▶ **Try it**
Find the line with "Lemma In_society Phi" in the entries below, then reproduce it and every line after it down to and including the line with "Proof. by []. Qed.", exactly.

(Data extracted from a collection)
========

Lemma exists_interp_neq2 : 1 < #|P| -> forall a b : interp P, exists c, (c != a) && (c != b).
Proof.
move=> hP a b; have : ~~ ([set: interp P] \subset [set a; b]).
  apply/negP => /subset_leq_card; rewrite cardsT card_ffun card_bool cards2.
  have H4 : 2 ^ 2 <= 2 ^ #|P| by apply: leq_pexp2l.
  by move=> H; have := leq_trans H4 H; case: (a != b).
by case/subsetPn => c _; rewrite !inE negb_or; exists c.
Qed.

Lemma subset_set2 M (a b : interp P) : M \subset [set a; b] -> M != set0 ->
  [\/ M = [set a], M = [set b] | M = [set a; b]].
Proof.
move=> /subsetP HM /set0Pn [w Mw].
have [Ma|Ma] := boolP (a \in M); have [Mb|Mb] := boolP (b \in M).
- by constructor 3; apply/eqP; rewrite eqEsubset (introT subsetP HM) subUset !sub1set Ma Mb.
- constructor 1; apply/setP => v; rewrite in_set1; apply/idP/eqP => [Mv|-> //].
  by case/set2P: (HM v Mv) => // Hv; rewrite -Hv Mv in Mb.
- constructor 2; apply/setP => v; rewrite in_set1; apply/idP/eqP => [Mv|-> //].
  by case/set2P: (HM v Mv) => // Hv; rewrite -Hv Mv in Ma.
- by case/set2P: (HM w Mw) => Hw; rewrite -Hw Mw in Ma Mb.
Qed.

End Semantics.

Lemma all_In (T : Type) (a : pred T) s x : all a s -> List.In x s -> a x.
Proof. by elim: s => //= y s IH /andP[ay al] [<-|/(IH al)]. Qed.

Section ProfileFacts.
Context {d : Order.disp_t} {S : orderType d} {E : Type}.
Implicit Types (Phi : @profile d S E) (N : seq S).

Lemma In_society Phi j e : List.In (j, e) Phi -> j \in society Phi.
Proof. by elim: Phi => //= p s IH [->|/IH]; rewrite inE ?eqxx // => ->; rewrite orbT. Qed.

Lemma society_In Phi j : j \in society Phi -> exists e, List.In (j, e) Phi.
Proof.
elim: Phi => //= -[i e] s IH; rewrite inE => /orP[/eqP ->|/IH [e' H]].
  by exists e; left.
by exists e'; right.
Qed.

Lemma valid_single (i : S) (e : E) : valid_profile (single i e).
Proof. by []. Qed.

Lemma valid_profile_behead j e Phi : valid_profile ((j, e) :: Phi) ->
  all (fun q : S * E => (j < q.1)%O) Phi /\ sorted (fun p q : S * E => (p.1 < q.1)%O) Phi.
Proof. by case=> _ /=; rewrite path_sortedE; [case/andP | move=> ? ? ?; apply: lt_trans]. Qed.

Lemma valid_profile_In_inj Phi j e1 e2 : valid_profile Phi ->
  List.In (j, e1) Phi -> List.In (j, e2) Phi -> e1 = e2.
Proof.
elim: Phi => // -[i e] s IH /valid_profile_behead [Hall Hs].
have ltj q : List.In q s -> (i < q.1)%O by apply: all_In Hall.
case=> [[Hi He]|H1] [[Hi' He']|H2].
- by rewrite -He -He'.
- by have := ltj _ H2; rewrite /= Hi ltxx.
- by have := ltj _ H1; rewrite /= Hi' ltxx.
- by case: s IH Hs H1 H2 {Hall ltj} => // q s IH Hs H1 H2; apply: IH.
Qed.

Lemma head_notin_society j e Phi : valid_profile ((j, e) :: Phi) -> j \notin society Phi.
Proof.
case/valid_profile_behead=> Hall _; apply/negP => /society_In [e' /(all_In Hall)].
by rewrite ltxx.
Qed.

Lemma restr_head j e Phi : valid_profile ((j, e) :: Phi) ->
  restr ((j, e) :: Phi) [:: j] = single j e.
Proof.
case/valid_profile_behead=> Hall _; rewrite /restr /= mem_seq1 eqxx.
by congr (_ :: _); elim: Phi Hall => //= q s IH /andP[jq /IH ->]; rewrite mem_seq1 gt_eqF.
Qed.

Lemma restr_tail j e Phi : valid_profile ((j, e) :: Phi) ->
  restr ((j, e) :: Phi) (society Phi) = Phi.
Proof.
move=> HP; rewrite /restr /= (negbTE (head_notin_society HP)).
by apply/all_filterP; have := allss (society Phi); rewrite /society all_map.
Qed.

Lemma partition2_head j e Phi : Phi <> [::] -> valid_profile ((j, e) :: Phi) ->
  partition2 (society ((j, e) :: Phi)) [:: j] (society Phi).
Proof.
move=> Phi0 HP; split => //.
- by case: Phi Phi0 {HP}.
- by move=> x; rewrite mem_seq1 => /eqP ->; apply: head_notin_society HP.
- by move=> x; rewrite /= in_cons mem_seq1.
Qed.

Definition profile_of N (f : S -> E) : @profile d S E := map (fun i => (i, f i)) N.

========

▶ **Output of the exercise**
Lemma In_society Phi j e : List.In (j, e) Phi -> j \in society Phi.
Proof. by elim: Phi => //= p s IH [->|/IH]; rewrite inE ?eqxx // => ->; rewrite orbT. Qed.

Lemma society_In Phi j : j \in society Phi -> exists e, List.In (j, e) Phi.
Proof.
elim: Phi => //= -[i e] s IH; rewrite inE => /orP[/eqP ->|/IH [e' H]].
  by exists e; left.
by exists e'; right.
Qed.

Lemma valid_single (i : S) (e : E) : valid_profile (single i e).
Proof. by []. Qed.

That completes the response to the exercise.